• Women Wronged

      Will the forced sterilization of Tibetan women result in the end of the race?  This is but one of the serious questions examined by Suzan Crane in this report about the grotesque violations of women’s rights in Tibet.(Originally published in Untamed Travel, September 2005)

      You don’t have to be as politically aware as Richard Gere to be unsurprised by the most recent U.S. State Department’s Country Reports on Human Rights Practices for 2004 which found that Chinese authorities in Tibet “continued to commit serious human rights abuses.” Less well known and more shocking is the way that Tibetan women (girls of four and nuns of 40) are regularly wronged – sterilized, forced into prostitution and routinely abused on a daily basis.
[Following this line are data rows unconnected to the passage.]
Lemma kl_system_dipaths n v t (c : 'I_n -> V) (p : 'I_n -> seq V) (Q : 'I_0 -> seq V) :
  v != t -> injective c -> (forall i, E v (c i)) -> (forall i, v \notin p i) ->
  (forall i, is_dipath E (c i) t (p i)) ->
  (forall i i', i != i' -> forall z, z \in p i -> z \in p i' -> z = t) ->
  kl_system E v t (fun i => v :: p i) Q.
Proof.
move=> vt c_inj Evc vNp Pp meet; apply: kl_system_n0 => [i | i i' ii'].
  by rewrite (negbTE vt); apply: is_dipath_cons (Evc i) (vNp i) (Pp i).
split => [[pp'] | z].
  case/is_dipathP: (Pp i) pp' => r -> _; case/is_dipathP: (Pp i') => r' -> _ [ci _].
  by move/eqP: ii'; apply; apply: c_inj.
rewrite !inE => /predU1P [-> | zi]; first by left.
by case/predU1P => [-> | zi']; [left | right; apply: meet _ _ ii' _ zi zi'].
Qed.

Lemma n_short_system_of_fan n v t (C : {set V}) (g : V -> seq V) :
  irreflexive E -> C \subset out_nbrs v -> n <= #|C| -> meet_only_at t g C ->
  {in C, forall c, is_dipath E c t (g c) /\ size (g c) < n} ->
  {in C, forall c, v \in g c -> v = t} ->
  exists (x y : V) (P : 'I_n -> seq V) (Q : 'I_0 -> seq V),
    kl_system E x y P Q /\ n_short n x y P Q.
Proof.
move=> irrE Cv nC /meet_only_atP meetC gC vgC.
pose c i := enum_val (widen_ord nC i); have cC i : c i \in C := enum_valP _.
have c_inj : injective c by move=> i i' /enum_val_inj [] /val_inj.
have Evc i : E v (c i) by have := subsetP Cv _ (cC i); rewrite inE.
have meet i i' : i != i' -> forall z, z \in g (c i) -> z \in g (c i') -> z = t.
  by move=> ii'; apply: meetC (cC i) (cC i') _; rewrite (inj_eq c_inj).
have [vt | vt] := eqVneq v t; first subst t.
  exists v, v, (fun i => belast v (g (c i))), (fun=> [::]); split.
    apply: (kl_system_dicycles (p := fun i => g (c i)) _ Evc _ _ meet) => i.
      by apply: contraTneq (Evc i) => ->; rewrite irrE.
    exact: (gC _ (cC i)).1.
  by rewrite /n_short eqxx; split => [i | []//]; rewrite size_belast; case: (gC _ (cC i)).
exists v, t, (fun i => v :: g (c i)), (fun=> [::]); split.
  apply: (kl_system_dipaths (p := fun i => g (c i)) _ vt c_inj Evc _ _ meet) => i.
    by apply: contraNN vt => /(vgC _ (cC i)) ->.
  exact: (gC _ (cC i)).1.
by rewrite /n_short (negbTE vt) => ? [].
Qed.

End Digraph.

Theorem theorem3p3 :
  forall n : nat, exists N : nat,
    forall (V : finType) (E : rel V),
      irreflexive E -> strongly_connected E -> N <= #|V| ->
      (exists (x y : V) (s : seq V), is_dipath E x y s /\ n <= (size s).-1)
      \/
      (exists (x y : V) (P : 'I_n -> seq V) (Q : 'I_0 -> seq V),
          kl_system E x y P Q /\ n_short n x y P Q).
Proof.
move=> n; pose K := maxn (fan_bound n n.-1) n.+1.
exists (K ^ n).+1 => V E irrE scE bigV.
have [long | noLong] := classic (exists x y s, is_dipath E x y s /\ n <= (size s).-1).
  by left.
right; have shortE x y p : is_dipath E x y p -> size p <= n.
  move=> Pp; rewrite leqNgt; apply/negP => long; apply: noLong.
  by exists x, y, p; rewrite -ltnS (ltn_predK long).
have [v /[!geq_max] /andP [bigv nv]] := exists_large_out_nbrs scE shortE bigV.
pose f u := xchoose (dipath_of_connect (scE u v)).
have fP u : is_dipath E u v (f u) := xchooseP _.
have fS : {in out_nbrs E v, forall u, is_dipath E u v (f u) /\ size (f u) <= n.-1}.
  move=> u _; have lt_n := short_dipath_to_large_out_nbrs shortE nv (fP u).
  by split => //; rewrite -ltnS (ltn_predK lt_n).
have [t [C [g [Cv nC meetC gC]]]] := fan_of_prefixes fS bigv.
apply: n_short_system_of_fan irrE Cv nC meetC _ _ => c cC; have [Pc pc] := gC c cC.
  split=> //; apply: leq_ltn_trans (size_prefix pc) _.
  exact: short_dipath_to_large_out_nbrs shortE nv (fP c).
exact: prefix_dipath_end (fP c) Pc pc.
Qed.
      In an oral statement delivered at the 61st Session of the United Nations Commission on Human Rights in April 2005, Dr. B. Tsering Yeshi, addressed these violations. Despite the Beijing Platform for Action (BPFA), which affirmed women’s rights as an inalienable part of all human rights and fundamental freedoms, she asserted that “violence against women continues in its worst forms such as honour killings, genital mutilation and systematic rape of women… some endorsed and enforced by the state. Violence against women becomes a two-fold challenge when women are discriminated against because of their gender and race.”
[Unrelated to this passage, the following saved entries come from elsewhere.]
Theorem lemma1p3 (F Ft Fst : ExactCat)
  (T : Twist F) (Tt : Twist Ft) (Tst : Twist Fst)
  (et : TwFunctor T Tt) (est : TwFunctor T Tst) (s : TwNat est)
  (Hii' : cond_ii' et) (Hii'' : cond_ii'' et)
  (HIII : forall (X Y : F) (f : Mor X Y),
      fmap et f = 0 <-> sigm_at s Y \oc fmap est f = 0) :
  exists s0 : forall X Y : F,
      Mor (et X) (utw Tt (et Y)) -> Mor (est X) (est Y),
    (* defining property of s0 *)
    (forall (X Y : F) (p : Mor (et X) (utw Tt (et Y)))
            (X' : F) (q : Mor X' X) (h : Mor X' (utw T Y)),
        admEpi q -> iotw et Y \oc fmap et h = p \oc fmap et q ->
        s0 X Y p \oc fmap est q = sigm s Y \oc fmap est h) /\
    (* (a) *)
    (forall E : F, cm est E \oc s0 E (tw T E) (idtw et E) = sigm_at s E) /\
    (* (b) *)
    (forall (U X Y V : F) (h : Mor U X) (g : Mor Y V)
            (p : Mor (et X) (utw Tt (et Y))),
        s0 U V (fmap (utw Tt) (fmap et g) \oc p \oc fmap et h)
        = fmap est g \oc s0 X Y p \oc fmap est h) /\
    (* (c) *)
    (forall X Y : F, injective (s0 X Y)) /\
    (* (d) *)
    (forall (X Y : F) (g : Mor (est X) (est Y)),
        ((exists p, s0 X Y p = g) <->
         (exists (X' : F) (q : Mor X' X), admEpi q /\
            divisible s (g \oc fmap est q))) /\
        ((exists p, s0 X Y p = g) <->
         (exists (Y' : F) (j : Mor Y Y'), admMono j /\
            divisible s (fmap est j \oc g)))).
Proof.
exists (fun X Y p => s0 Hii' HIII p).
split; first by move=> *; apply: s0P.
split; first exact: s0_idtw.
split; first exact: s0_comp.
split; first exact: s0_inj.
by move=> X Y g; split; [apply: s0_image_epi | apply: s0_image_mono].
Qed.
      This report is hardly unique. In 2003, Ms. Radhika Coomaraswamy, then Special Rapporteur on Violence Against Women for the United Nations, said, “Women in Tibet continue to undergo hardship and are also subjected to gender-specific crimes including forced sterilization, forced abortion, coercive birth control policies and the monitoring of menstrual cycles.”

      Such observations have been confirmed by personal testimonies. In her 2002 statement to the exiled Tibetan government’s Department of Information and International Relations, Dr. Losersky Gompo, a Tibetan-born, Chinese-educated mobile sterilization doctor, disclosed that China targets rural women, that are often unmarried or childless. According to her declaration, the on-site sterilizations, as well as abortions, were performed under unhygienic circumstances – often by unskilled practitioners – without regard to physical or psychological repercussions.

      Reproductive rights violations of the Convention on the Elimination of All Forms of Discrimination Against Women (CEDAW) were found to be so grave that they “present the possibility that the Tibetan people and culture will be destroyed within the coming century” and CEDAW’s “continued requests for explicit information regarding gender-based violence against Tibetan women in the form of statistics, legislation and other measures taken for protection have not been honoured.”

      According to the last information available, if a Tibetan woman exceeded the two-child limit, the authorities imposed financial penalties on the family, and the third child was denied basic health, education, and welfare privileges.

      Exiled Tibetan women claim that the severe birth control violations have led to family troubles, with their husbands frequenting brothels, and divorce rates and domestic violence increasing. These measures have also contributed to the fact that Tibet has the highest maternal and child mortality rates in

      in China: One in 40 women die in child birth, a figure up to eight times higher than the national rate.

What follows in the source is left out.